Open interest (OI) is a number derivatives traders watch closely — and one that's widely misread. Here's what it actually tells you.
What open interest is
Open interest is the total number of derivative contracts (futures or options) that are currently open — not yet closed or expired. Unlike volume, which counts trades in a period, OI counts outstanding positions at a point in time.
- A new buyer and new seller opening a position → OI rises.
- Both sides closing → OI falls.
- One closing, one opening → OI unchanged.
Why traders watch it
OI hints at how much "fuel" is committed to a move:
- Rising price + rising OI — new money backing the up-move (often seen as strength).
- Rising price + falling OI — a move driven by closing shorts, which can run out of steam.

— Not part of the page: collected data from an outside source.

(* Let $\mathcal{C}$ be a full reflective subcategory of $\mathsf{Top}$, closed under isomorphisms, which is contained in the category $\mathsf{Haus}$ of Hausdorff spaces and contains a two-point discrete space. Then the only object of $\mathcal{C}$ that is finitely generated with respect to embeddings is the empty space.
   Context: An embedding is an injective continuous map $m:X\to Y$ such that every open set of $X$ has the form $m^{-1}(U)$ for $U$ open in $Y$. An object $X$ of $\mathcal{C}$ is finitely generated w.r.t. embeddings if for every directed diagram $(Z_i)_{i\in I}$ in $\mathcal{C}$ (indexed by a directed poset, i.e. every finite subset has an upper bound) whose connecting morphisms $z_{i,j}$ are embeddings, with colimit cocone $c_i:Z_i\to Z$ in $\mathcal{C}$, every morphism $f:X\to Z$ factorizes as $f=c_i\cdot g$ for some $i$ and $g:X\to Z_i$, and if also $f=c_i\cdot g'$ then $z_{i,j}\cdot g=z_{i,j}\cdot g'$ for some connecting morphism $z_{i,j}$. *)

From Stdlib Require List.
From mathcomp Require Import all_boot all_classical topology.
Set Implicit Arguments. Unset Strict Implicit. Unset Printing Implicit Defensive.
Local Open Scope classical_set_scope.

Definition embedding (X Y : topologicalType) (m : X -> Y) : Prop :=
  injective m /\ continuous m /\
  forall A : set X, open A -> exists U : set Y, open U /\ A = m @^-1` U.

Definition homeomorphic (X Y : topologicalType) : Prop :=
  exists (f : X -> Y) (g : Y -> X),
    continuous f /\ continuous g /\ (forall x, g (f x) = x) /\ (forall y, f (g y) = y).
Section FinRelInd.
Variables (T : finType) (lt : rel T).
Hypothesis lt_trans : transitive lt.
Hypothesis lt_irr : irreflexive lt.

Lemma fin_rel_ind_up (Q : T -> Prop) :
  (forall x, (forall y, lt x y -> Q y) -> Q x) -> forall x, Q x.
Proof.
move=> IH x; have [n] := ubnP #|[set y | lt x y]|.
elim: n x => [//|n IHn] x Hn; apply: IH => y xy; apply: IHn.
rewrite -ltnS; apply: leq_trans Hn; apply: proper_card; apply/properP; split.
  by apply/subsetP => z; rewrite !inE; apply: lt_trans.
by exists y; rewrite !inE ?xy ?lt_irr.
Qed.

End FinRelInd.

Lemma fin_rel_ind_down (T : finType) (lt : rel T) :
    transitive lt -> irreflexive lt ->
  forall Q : T -> Prop, (forall x, (forall y, lt y x -> Q y) -> Q x) -> forall x, Q x.
Proof.
move=> lt_trans lt_irr Q; apply: (@fin_rel_ind_up T (fun x y => lt y x)) => //.
by move=> y x z xy yz; apply: lt_trans yz xy.
Qed.

Section HatPoset.
Variables (d : Order.disp_t) (P : finPOrderType d).
Local Notation hat := (hat P).
Implicit Types (a b c : hat) (x y : P).

Definition hle a b := (a == b) || hlt a b.

Lemma hltxx : irreflexive (@hlt d P).
Proof. by case=> [[x|]|] //=; rewrite ltxx. Qed.

Lemma hlt_trans : transitive (@hlt d P).
Proof. by case=> [[y|]|] [[x|]|] [[z|]|] //=; apply: lt_trans. Qed.

Lemma hltW a b : hlt a b -> hle a b.
Proof. by rewrite /hle => ->; rewrite orbT. Qed.

Lemma hle_trans a b c : hle a b -> hle b c -> hle a c.
Proof.
case/orP => [/eqP ->//|ab] /orP [/eqP <-|bc]; first exact: hltW.
exact/hltW/(hlt_trans ab bc).
Qed.

Lemma hle_helt x y : hle (helt x) (helt y) = (x <= y)%O.
Proof. by rewrite /hle le_eqVlt. Qed.

Lemma hcovers_lt a b : hcovers a b -> hlt a b.
Proof. by case/andP. Qed.

Lemma hcovers_above a b : hlt a b -> exists2 c, hcovers a c & hle c b.
Proof.
elim/(fin_rel_ind_down hlt_trans hltxx): b => b IH ab.
have [nab|] := boolP [forall z, ~~ (hlt a z && hlt z b)].
  by exists b; rewrite /hle ?eqxx // /hcovers ab.
case/forallPn => z; rewrite negbK => /andP [az zb].
have [c ac cz] := IH z zb az.
by exists c => //; apply: hle_trans cz (hltW zb).
Qed.

Lemma hcovers_below a b : hlt a b -> exists2 c, hle a c & hcovers c b.
Proof.
elim/(fin_rel_ind_up hlt_trans hltxx): a => a IH ab.
have [nab|] := boolP [forall z, ~~ (hlt a z && hlt z b)].
  by exists a; rewrite /hle ?eqxx // /hcovers ab.
case/forallPn => z; rewrite negbK => /andP [az zb].
have [c zc cb] := IH z az zb.
by exists c => //; apply: hle_trans (hltW az) zc.
Qed.

Lemma chain_sub (C D : {set P}) : is_chain C -> D \subset C -> is_chain D.
Proof.
move=> /forall_inP HC /subsetP DC; apply/forall_inP => x xD.
by apply/forall_inP => y yD; move/forall_inP: (HC x (DC x xD)); apply; apply: DC.
Qed.

Lemma chain_max (C : {set P}) x0 : is_chain C -> x0 \in C ->
  exists2 m, m \in C & {in C, forall x, (x <= m)%O}.
Proof.
move=> HC; elim/(fin_rel_ind_up (@lt_trans _ P) (@ltxx _ P)): x0 => x IH xC.
have [|] := boolP [exists y in C, (x < y)%O].
  by case/exists_inP => y yC xy; apply: IH xy yC.
rewrite negb_exists_in => /forall_inP Hx; exists x => // y yC.
move/forall_inP: HC => /(_ x xC) /forall_inP /(_ y yC) /orP [xy|//].
by move: (Hx y yC); rewrite lt_neqAle xy andbT negbK => /eqP ->.
Qed.

Lemma hcovers_above_chain (C : {set P}) m : is_chain C ->
    {in C, forall x, (x < m)%O} ->
  exists2 c, hcovers c (helt m) & {in C, forall x, hle (helt x) c}.
Proof.
move=> HC Cm; have [->|[x0 x0C]] := set_0Vmem C.
  by have [c _ cm] := hcovers_below (isT : hlt (hbot P) (helt m)); exists c => // x; rewrite inE.
have [m' m'C Hm'] := chain_max HC x0C.
have [c m'c cm] := hcovers_below (Cm m' m'C : hlt (helt m') (helt m)).
by exists c => // x xC; apply: hle_trans m'c; rewrite hle_helt Hm'.
Qed.

End HatPoset.

Section Polytopes.
Variables (d : Order.disp_t) (P : finPOrderType d) (R : realFieldType).
Local Notation hat := (hat P).
Local Notation down_covers x := [seq a <- enum {: hat} | hcovers a (helt x)].
Local Notation up_covers x := [seq a <- enum {: hat} | hcovers (helt x) a].
Implicit Types (a b : hat) (x y : P) (f g : P -> R).

Lemma mem_down_covers x a : (a \in down_covers x) = hcovers a (helt x).
Proof. by rewrite mem_filter mem_enum andbT. Qed.

Lemma mem_up_covers x a : (a \in up_covers x) = hcovers (helt x) a.
Proof. by rewrite mem_filter mem_enum andbT. Qed.

Lemma exists_down_cover x : exists a, a \in down_covers x.
Proof.
have [a _ ax] := hcovers_below (isT : hlt (hbot P) (helt x)).
by exists a; rewrite mem_down_covers.
Qed.

Lemma exists_up_cover x : exists a, a \in up_covers x.
Proof.
have [a xa _] := hcovers_above (isT : hlt (helt x) (htop P)).
by exists a; rewrite mem_up_covers.
Qed.

Lemma alpha2_le_sub f x a : hcovers a (helt x) -> alpha2 f x <= f x - fhat f a.
Proof.
by move=> ax; apply: mins_le; apply: (map_f (fun a => f x - fhat f a)); rewrite mem_down_covers.
Qed.

Lemma mem_short_seqs (r : seq P) : (r \in short_seqs P) = (size r <= #|P|)%N.
Proof.
apply/flatten_mapP/idP => [[n + /mapP [t _ ->]]|rP].
  by rewrite size_tuple mem_iota add0n ltnS.
exists (size r); first by rewrite mem_iota add0n ltnS.
by apply/mapP; exists (in_tuple r); rewrite ?mem_enum.
Qed.

Lemma sat_chain_to_top_cons x y r : sat_chain_to_top x (y :: r) =
  hcovers (helt x) (helt y) && sat_chain_to_top y r.
Proof. by rewrite /sat_chain_to_top /= andbA. Qed.

Lemma sat_chain_to_top_size x r : sat_chain_to_top x r -> (size (x :: r) <= #|P|)%N.
Proof.
case/andP => xr _; have /lt_sorted_uniq xr_uniq : sorted <%O (x :: r).
  by apply: sub_path xr => y z /hcovers_lt.
by rewrite -(card_uniqP xr_uniq) max_card.
Qed.

Lemma mem_sat_chains x r : sat_chain_to_top x r ->
  r \in [seq r <- short_seqs P | sat_chain_to_top x r].
Proof.
move=> xr; rewrite mem_filter xr mem_short_seqs /=.
exact: leq_trans (sat_chain_to_top_size xr).
Qed.

Lemma exists_sat_chain_to_top x : exists r, sat_chain_to_top x r.
Proof.
elim/(fin_rel_ind_up (@lt_trans _ P) (@ltxx _ P)): x => x IH.
have [[[y|]|] xc _] := hcovers_above (isT : hlt (helt x) (htop P)).
- by have [r yr] := IH y (hcovers_lt xc); exists (y :: r); rewrite sat_chain_to_top_cons xc.
- by exists [::].
- by have := hcovers_lt xc.
Qed.

Section Alpha3.
Variable g : P -> R.

(* 0 at \hat 1 matches 1 - \hat f (\hat 1); \hat 0 never covers an element. *)
Definition alpha3_hat b : R := if b is Some (Some y) then alpha3 g y else 0.

Lemma le_alpha3 x r : sat_chain_to_top x r -> \sum_(y <- x :: r) g y <= alpha3 g x.
Proof. by move=> /mem_sat_chains xr; apply/le_maxs/map_f. Qed.

Lemma alpha3_attained x :
  exists2 r, sat_chain_to_top x r & alpha3 g x = \sum_(y <- x :: r) g y.
Proof.
have [r /mem_sat_chains xr] := exists_sat_chain_to_top x.
have /mapP [r'] := maxs_mem (map_f (fun r => \sum_(y <- x :: r) g y) xr).
by rewrite mem_filter => /andP [xr' _]; exists r'.
Qed.

Lemma alpha3_rec x : alpha3 g x = g x + maxs [seq alpha3_hat b | b <- up_covers x].
Proof.
have cover_le b : hcovers (helt x) b -> alpha3_hat b <= maxs [seq alpha3_hat b | b <- up_covers x].
  by move=> xb; apply/le_maxs/map_f; rewrite mem_up_covers.
apply/le_anti/andP; split.
  have [[|y r] xr ->] := alpha3_attained x; rewrite big_cons lerD2l.
    by rewrite big_nil; apply: (cover_le (htop P)); case/andP: xr.
  move: xr; rewrite sat_chain_to_top_cons => /andP [xy yr].
  exact: le_trans (le_alpha3 yr) (cover_le _ xy).
have [c xc] := exists_up_cover x.
have /mapP [b] := maxs_mem (map_f alpha3_hat xc); rewrite mem_up_covers => xb ->.
case: b xb => [[y|]|] xb /=.
- have [r yr ->] := alpha3_attained y.
  by have := @le_alpha3 x (y :: r); rewrite big_cons; apply; rewrite sat_chain_to_top_cons xb.
- by have := @le_alpha3 x [::]; rewrite big_seq1 addr0; apply; rewrite /sat_chain_to_top /=.
- by have := hcovers_lt xb.
Qed.

Hypothesis g_ge0 : forall x, 0 <= g x.

Lemma alpha3_ge0 x : 0 <= alpha3 g x.
Proof. by have [r _ ->] := alpha3_attained x; apply: sumr_ge0. Qed.

Lemma alpha3_anti x y : (x <= y)%O -> alpha3 g y <= alpha3 g x.
Proof.
elim/(fin_rel_ind_up (@lt_trans _ P) (@ltxx _ P)): x y => x IH y.
rewrite le_eqVlt => /orP [/eqP -> //|xy].
have [[[z|]|] xz zy] := hcovers_above (xy : hlt (helt x) (helt y)); last 2 first.
- by move: zy; rewrite /hle.
- by have := hcovers_lt xz.
apply: le_trans (IH z (hcovers_lt xz) y _) _; first by rewrite -hle_helt.
rewrite [alpha3 g x]alpha3_rec -[alpha3 g z]add0r lerD //.
by apply: (le_maxs (map_f alpha3_hat (_ : helt z \in _))); rewrite mem_up_covers.
Qed.

End Alpha3.

Section OrderPolytope.
Variable f : P -> R.
Hypothesis f_order : in_order_polytope f.

Lemma fhat_ge0 a : 0 <= fhat f a.
Proof. by case: a => [[x|]|] //=; case: f_order => f01 _; case/andP: (f01 x). Qed.

Lemma fhat_le1 a : fhat f a <= 1.
Proof. by case: a => [[x|]|] //=; case: f_order => f01 _; case/andP: (f01 x). Qed.

Lemma fhat_homo a b : hle a b -> fhat f a <= fhat f b.
Proof.
case/orP => [/eqP -> //|]; case: a => [[x|]|]; case: b => [[y|]|] //=.
- by move/ltW; case: f_order => _; apply.
- by move=> _; apply: (fhat_le1 (helt x)).
- by move=> _; apply: (fhat_ge0 (helt y)).
Qed.

Lemma alpha2_ge0 x : 0 <= alpha2 f x.
Proof.
have [a ax] := exists_down_cover x.
apply: (le_mins (map_f (fun a => f x - fhat f a) ax)) => y /mapP [b].
rewrite mem_down_covers => bx ->.
by rewrite subr_ge0 (fhat_homo (hltW (hcovers_lt bx))).
Qed.

Lemma alpha2_le x : alpha2 f x <= f x.
Proof.
have [a] := exists_down_cover x; rewrite mem_down_covers => /(alpha2_le_sub f) ga.
by have := fhat_ge0 a; lra.
Qed.

Lemma sum_alpha2_chain (C : {set P}) b : is_chain C ->
  {in C, forall x, hle (helt x) b} -> \sum_(x in C) alpha2 f x <= fhat f b.
Proof.
have [n] := ubnP #|C|; elim: n C b => [//|n IH] C b Cn HC Cb.
have [->|[x0 x0C]] := set_0Vmem C; first by rewrite big_set0 fhat_ge0.
have [m mC Cm] := chain_max HC x0C.
have HC' := chain_sub HC (subsetDl C [set m]).
have [c cm C'c] : exists2 c, hcovers c (helt m) & {in C :\ m, forall x, hle (helt x) c}.
  apply: hcovers_above_chain HC' _ => x; rewrite in_setD1 => /andP [xm xC].
  by rewrite lt_neqAle xm Cm.
have C'n : (#|C :\ m| < n)%N by move: Cn; rewrite (cardsD1 m C) mC.
have := IH _ _ C'n HC' C'c; have := alpha2_le_sub f cm; have := fhat_homo (Cb m mC).
by rewrite (big_setD1 m mC) /= => *; lra.
Qed.

Lemma alpha2_chain_polytope : in_chain_polytope (alpha2 f).
Proof.
split=> [x | C HC]; first by rewrite alpha2_ge0 (le_trans (alpha2_le x)) ?(fhat_le1 (helt x)).
by apply: (sum_alpha2_chain (b := htop P)) => // x _; apply: hltW.
Qed.

Lemma alpha3_alpha2_le x : alpha3 (alpha2 f) x <= 1 - f x + alpha2 f x.
Proof.
elim/(fin_rel_ind_up (@lt_trans _ P) (@ltxx _ P)): x => x IH.
rewrite alpha3_rec addrC lerD2r; have [c xc] := exists_up_cover x.
have /mapP [b] := maxs_mem (map_f (alpha3_hat (alpha2 f)) xc).
rewrite mem_up_covers => xb ->; case: b xb => [[y|]|] xb /=.
- have := IH y (hcovers_lt xb); have := alpha2_le_sub f xb; rewrite /= => *; lra.
- by rewrite subr_ge0 (fhat_le1 (helt x)).
- by have := hcovers_lt xb.
Qed.

Lemma alpha3_alpha2_rev_polytope : in_rev_order_polytope (alpha3 (alpha2 f)).
Proof.
split=> [x|]; last exact: alpha3_anti alpha2_ge0.
rewrite alpha3_ge0 //=; last exact: alpha2_ge0.
by have := alpha3_alpha2_le x; have := alpha2_le x; move=> *; lra.
Qed.

End OrderPolytope.


Lemma foldr_toggle_notin (s : seq P) f y :
  y \notin s -> foldr (@toggle d P R) f s y = f y.
Proof.
elim: s => [//|z s IH]; rewrite in_cons negb_or => /andP [yz ys] /=.
by rewrite /toggle (negbTE yz) IH.
Qed.

Lemma linear_extension_cat l1 l2 x : linear_extension (l1 ++ x :: l2) ->
  (forall y, (y <= x)%O -> y \notin l2) /\ (forall y, (x <= y)%O -> y \notin l1).
Proof.
case=> uniq_l _ l_lt; move: (uniq_l); rewrite cat_uniq => /and3P [_ l1_l2 /andP [xl2 _]].
have xl1 : x \notin l1 by apply: (hasPn l1_l2); rewrite mem_head.
have ix : index x (l1 ++ x :: l2) = size l1 by rewrite index_cat (negbTE xl1) /= eqxx addn0.
split=> y; last first.
  rewrite le_eqVlt => /orP [/eqP <- //|xy]; apply/negP => yl1; have := l_lt _ _ xy.
  by rewrite ix index_cat yl1 ltnNge ltnW // index_mem.
rewrite le_eqVlt => /orP [/eqP -> //|yx]; apply/negP => yl2.
have yl1 : y \notin l1 by apply: (hasPn l1_l2); rewrite in_cons yl2 orbT.
by have := l_lt _ _ yx; rewrite ix index_cat (negbTE yl1) /= ltnNge leq_addr.
Qed.

Lemma rowmotion_toggle l f x : linear_extension l -> exists h : P -> R,
  [/\ pl_rowmotion l f x = toggle x h x,
      forall y, (y <= x)%O -> h y = f y &
      forall y, (x < y)%O -> pl_rowmotion l f y = h y].
Proof.
move=> l_ext; have [_ /(_ x) xl _] := l_ext; move: l_ext.
case/splitPr: xl => l1 l2 l_ext.
have [below above] := linear_extension_cat l_ext.
exists (foldr (@toggle d P R) f l2); rewrite /pl_rowmotion foldr_cat; split.
- by rewrite foldr_toggle_notin // above.
- by move=> y /below; apply: foldr_toggle_notin.
- move=> y xy; rewrite foldr_toggle_notin ?above ?(ltW xy) //= /toggle.
  by rewrite gt_eqF.
Qed.

Lemma eq_map_fhat (s : seq hat) f1 f2 : (forall y, helt y \in s -> f1 y = f2 y) ->
  [seq fhat f1 a | a <- s] = [seq fhat f2 a | a <- s].
Proof. by move=> f12; apply/eq_in_map => -[[y|]|] //= /f12. Qed.

Lemma rowmotion_rec l f x : linear_extension l ->
  1 - pl_rowmotion l f x =
  alpha2 f x + maxs [seq 1 - fhat (pl_rowmotion l f) b | b <- up_covers x].
Proof.
move=> l_ext; have [h [rho_x h_below rho_above]] := rowmotion_toggle f x l_ext.
have [a xa] := exists_down_cover x; have [b xb] := exists_up_cover x.
have down_eq : [seq fhat h a | a <- down_covers x] = [seq fhat f a | a <- down_covers x].
  by apply: eq_map_fhat => y; rewrite mem_down_covers => /hcovers_lt /ltW /h_below.
have up_eq : [seq fhat (pl_rowmotion l f) a | a <- up_covers x] =
             [seq fhat h a | a <- up_covers x].
  by apply: eq_map_fhat => y; rewrite mem_up_covers => /hcovers_lt /rho_above.
rewrite rho_x /toggle eqxx down_eq (h_below x (lexx x)) /alpha2.
by rewrite (mins_subr _ _ xa) (maxs_subr _ _ xb) up_eq /=; lra.
Qed.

- OI build-up at a strike — large option OI at a level can act as a magnet or a battleground near expiry.
The big caveat
OI is widely misused. It is not a directional signal on its own — every open contract has a buyer and a seller, so OI alone never tells you which side is "right." Treat it as context about participation, not a crystal ball.
Using it sensibly
Combine OI with price action, the index trend and support/resistance. And whatever the OI picture, the trade is still governed by your stop and position size.
Open interest tells you how many are committed — not who's correct. Read it as context, never as a verdict.
Education only — not financial advice.